You have keen interest in what you refer to as the blurry boundary between the sacred and profane. Why does that interest you. and how does the idea relate to your conceiving of and teaching this sermon course?

A couple years ago I wrote a short essay entitled, “Sweating, Spitting, and Cursing: Intimations of the Sacred.” I was curious about the domestication of holy speech. Preaching tends to be a highly censored endeavor. There’s tremendous pressure to make one’s message palatable to others and sometimes it can be difficult to flow with the Spirit. This issue often arises in a preacher’s inner dialogue. During the composition process preachers sometimes ask, “Can I say that? Will it upset people?” The task of faithfully articulating the gospel and being sure the more demanding aspects of the message will actually be received by listeners is a delicate art. I was not focused on the sacred-profane dynamic when I designed the “Is it a Sermon?” course, but the issue has come up repeatedly. We’ve had some thoughtful discussions about whether some of the sermons preached in class fit standard conceptions of sacred speech.
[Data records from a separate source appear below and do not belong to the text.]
Lemma measurable_kth_nn_dist n i : (k < n)%N ->
  measurable_fun setT (fun t => `|kth_nn n k (X^~ t) i - X i t|).
Proof.
move=> k_lt_n; apply: (measurability (@RGenOInfty.G R)).
  exact: RGenOInfty.measurableE.
move=> _ [_ [r ->] <-]; rewrite setTI.
pose near (l : 'I_n) t := (val l != i) && (`|X l t - X i t| <= r).
rewrite (_ : _ @^-1` _ = [set t | (count (near^~ t) (enum 'I_n) < k)%N]).
  apply: measurable_count_lt => l; rewrite /near; case: (val l != i) => /=.
    by apply: measurable_ler_set => //; apply: measurableT_comp => //; exact: measurable_funB.
  by rewrite (_ : [set _ | false] = set0) //; apply/seteqP; split.
by apply/seteqP; split=> t /=; rewrite in_itv /= andbT kth_nn_dist_gtE ?k_gt0.
Qed.

Lemma measurable_smote_far n eps : (k < n)%N -> measurable (smote_far n eps).
Proof.
move=> k_lt_n; rewrite (_ : smote_far n eps = \bigcup_i (I n @^-1` [set i] `&`
    [set t | eps < `|Lam n t| * `|kth_nn n k (X^~ t) i - X i t|])).
  apply: bigcupT_measurable => i; apply: measurableI => //.
  apply: measurable_ltr_set => //; apply: measurable_funM.
    exact: measurableT_comp.
  exact: measurable_kth_nn_dist.
apply/seteqP; split=> t /=.
  by move=> far; exists (I n t) => //; split => //=; rewrite -normrM -smote_sub_sample.
by move=> [i _ [/= <-]]; rewrite -normrM -smote_sub_sample.
Qed.

Definition alone_in n (C : set R) (F : seq nat) (i : nat) : set T :=
  \bigcap_(l in `I_n)
     (X l @^-1` (if l == i then C else if l \in F then setT else ~` C))
  `&` I n @^-1` [set i].

Lemma measurable_alone_in n C F i : measurable C -> measurable (alone_in n C F i).
Proof.
move=> mC; apply: measurableI => //; apply: bigcap_measurableType => l _.
apply: measurable_preimageT => //.
by case: ifP => _ //; case: ifP => _ //; exact: measurableC.
Qed.

Lemma pr_alone_in_le n C F i : measurable C -> (k < n)%N -> (i < n)%N ->
  pr (alone_in n C F i) <=
  pr (X 0%N @^-1` C) * pr (X 0%N @^-1` ~` C) ^+ (n - (size F).+1) / n%:R.
Proof.
move=> mC k_lt_n i_lt_n.
set B := fun l => if l == i then C else if l \in F then setT else ~` C.
have mB l : measurable (B l).
  by rewrite /B; case: ifP => _ //; case: ifP => _ //; exact: measurableC.
have -> : alone_in n C F i = \bigcap_(l in `I_n) (X l @^-1` B l)
    `&` I n @^-1` [set i] `&` Lam n @^-1` setT by rewrite preimage_setT setIT.
rewrite indep // I_unif // preimage_setT probability_setT mulr1 /=.
rewrite ler_wpM2r ?invr_ge0 ?ler0n //.
set b := fun l : 'I_n => pr (X 0%N @^-1` B l).
have -> : \prod_(l < n) pr (X l @^-1` B l) = \prod_l b l.
  by apply: eq_bigr => l _; rewrite X_ident.
have b01 l : 0 <= b l <= 1 by rewrite pr_ge0 pr_le1 //; exact: measurable_preimageT.
set io := Ordinal i_lt_n; set S := [set l : 'I_n | val l \notin i :: F]%SET.
have io_notin_S : io \notin S by rewrite finset.inE /= mem_head.
rewrite (le_trans (@prod_le_subprod _ _ b (fun l => l \in io |: S) b01)) //.
rewrite big_setU1 //= {1}/b /B eqxx ler_wpM2l ?pr_ge0 //.
rewrite (eq_bigr (fun=> pr (X 0%N @^-1` ~` C))); last first.
  move=> l; rewrite finset.inE /= in_cons negb_or => /andP[l_neq_i l_notin_F].
  by rewrite /b /B (negbTE l_neq_i) (negbTE l_notin_F).
rewrite prodr_const ler_wiXn2l ?pr_ge0 ?pr_le1 //.
  by apply: measurable_preimageT => //; exact: measurableC.
exact: (card_ord_notin n (i :: F)).
Qed.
Pauli Murray is someone we are thinking about these days at Yale. It’s fascinating to know that you are a fellow in the new Pauli Murray College at Yale—and you  are working on a book about her. Why are you—and, apparently, more and more people in the academy and public—interested in Pauli Murray?

There is a lot of fascination with Pauli Murray these days. I believe it was Susan Ware who said that when historians try to make sense of the twentieth century and reflect on the core issues of civil rights, feminism, sexuality, law, and religion, “all roads will lead to Pauli Murray.” She’s such a firecracker of a person. I’m intrigued by her nerve, her quirks, her resilience, and the way her faith evolves over the course of her life. … I’m glad there’s so much interest, though I also find it tragic that the world was not ready for her brilliance during her life time. My book is on Pauli’s risk-taking. We are living in a historical moment that is demanding faithful risk-taking, and Pauli is a great model.
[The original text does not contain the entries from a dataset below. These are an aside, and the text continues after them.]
(* Group algebra F[G] of a subgroup G of a finite group type gT:
   elements are functions gT -> F supported on G, with convolution product. *)
Section GroupAlgebra.
Variables (F : fieldType) (gT : finGroupType).

Definition in_FG (G : {set gT}) (a : {ffun gT -> F}) : Prop :=
  forall g, g \notin G -> a g = 0.

Definition ga_mul (G : {set gT}) (a b : {ffun gT -> F}) : {ffun gT -> F} :=
  [ffun g => \sum_(h in G) a h * b (h^-1 * g)%g].

Definition ga_elt (g : gT) : {ffun gT -> F} := [ffun z => (z == g)%:R].

End GroupAlgebra.

(* Generic ring-theoretic notions for a (possibly non-unital) ring given as a
   subset R of an additive group V, closed under a multiplication mul. *)
Section RingNotions.
Variable V : zmodType.

Definition is_ideal_of (R : V -> Prop) (mul : V -> V -> V) (I : V -> Prop) : Prop :=
  [/\ (forall a, I a -> R a), I 0,
      (forall a b, I a -> I b -> I (a - b)) &
      (forall r a, R r -> I a -> I (mul r a) /\ I (mul a r))].

(* prodn mul f n = f 0 * f 1 * ... * f n *)
Fixpoint prodn (mul : V -> V -> V) (f : nat -> V) (n : nat) : V :=
  if n is n'.+1 then mul (prodn mul f n') (f n) else f 0%N.

Definition nilpotent_set (mul : V -> V -> V) (I : V -> Prop) : Prop :=
  exists n, forall f : nat -> V, (forall i, I (f i)) -> prodn mul f n = 0.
You have such an interesting background, having worked as a lawyer and chaplain before pursuing the academic career path. How do those experiences contribute to and influence your teaching and scholarship today?

Hopefully those experiences make me more willing to experiment. And, hopefully, I’m also more aware of the fact that my students’ vocations will evolve over time. When I was practicing law, I couldn’t have imagined that I’d go to seminary and become a chaplain. And when I was a hospice chaplain I couldn’t anticipate that I’d become a professor. I want to teach skills that will be applicable for students in a range of settings. I had some extraordinary teachers who did that for me.
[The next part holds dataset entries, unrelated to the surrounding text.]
Section PolarDistance.
Variables (T V X S Ts Vs Xs : H -> H).
Hypotheses (lT : linear_op T) (lX : linear_op X) (lV : linear_op V) (lS : linear_op S)
  (bT : bounded T) (bX : bounded X)
  (adjT : is_adjoint ip T Ts) (adjV : is_adjoint ip V Vs) (adjX : is_adjoint ip X Xs)
  (VVsV : forall x, V (Vs (V x)) = V x) (XXsX : forall x, X (Xs (X x)) = X x)
  (S_pos : forall x, 0 <= ip (S x) x) (S_sq : forall x, S (S x) = Ts (T x))
  (T_polar : forall x, T x = V (S x))
  (kV : same_kernel V T) (kX : same_kernel X T).

Local Notation N := (opnorm ip (fun x => T x - X x)).

Let symS : symmetric_op S := positive_symmetric lS S_pos.
Let S_psd u : orth_ker T u -> 0 <= qform S u := fun _ => ge0_Re (S_pos u).
Let S_inv u : orth_ker T u -> orth_ker T (S u) := fun _ => abs_range_orth lS S_pos adjT S_sq u.

Lemma distance_bound y : nrm (T y - X y) <= N * nrm y.
Proof. exact: opnorm_bound (linear_sub lT lX) (bounded_sub bT bX) y. Qed.

Lemma distance_ge0 : 0 <= N.
Proof. exact: opnorm_ge0 (linear_sub lT lX) (bounded_sub bT bX). Qed.

(* Step 1: on (ker T)^⊥, ||Sy|| = ||Ty|| is within N ||y|| of ||Xy|| = ||y||. *)
Lemma abs_norm_bounds y : orth_ker T y ->
  (1 - N) * nrm y <= nrm (S y) <= (1 + N) * nrm y.
Proof.
move=> hy; have nX : nrm (X y) = nrm y by apply/hnorm_sqn_eq/(pi_isometric lX adjX XXsX kX).
have nT : nrm (T y) = nrm (S y) by apply/hnorm_sqn_eq/(sqn_abs lS S_pos adjT S_sq).
have := distance_bound y; rewrite -nT.
have := hnormD (T y - X y) (X y); have := hnormB (T y) (T y - X y).
rewrite subrK opprB addrC subrK nX => lower_tri upper_tri dist.
by apply/andP; split; lra.
Qed.

Lemma abs_form_upper y : orth_ker T y -> qform S y <= (1 + N) * sqn y.
Proof.
move=> hy; apply: (le_trans (cauchy_schwarz _ _)).
have /andP[_ S_upper] := abs_norm_bounds hy.
rewrite -hnorm_sq expr2 mulrA ler_wpM2r ?hnorm_ge0 //.
Qed.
But you had another question, “How did my experiences shape me as a teacher and scholar?” Well, practicing law taught me a good deal about research and exploring issues from multiple angles. Yet, even as a lawyer I spent a lot of time explaining the law to my clients. In that respect, I was also a teacher. As a hospice chaplain, I learned the importance of compassionate presence. Part of my role was to listen and receive and be a witness for patients and their families. In hospice, we had to be intentional about tuning into what really mattered because we couldn’t take the next appointment for granted. We had to treat each encounter as if it might be the last. My experience with hospice has an impact on the kind of questions I ask in doing research. It also shapes the kind of space I try to cultivate in the classroom. I want to create a nest where students feel free to experiment and take risks, and I want them to have a real stake in the sermons they preach. None of this can happen if students don’t also feel valued so I work to make that respect clear from the start.   

What would you say to prospective students about this community and what it’s like to study at YDS?

When I came to YDS I expected academic rigor, but I was pleasantly surprised at how loving the community is. The warmth I experience here makes it easier to teach and do research. I also enjoy worshipping with students and staff from a range of different traditions. I’m reminded of how big the church is and how much variety there is in human spirituality. Those reminders probably enhance my work but they are also just joyful.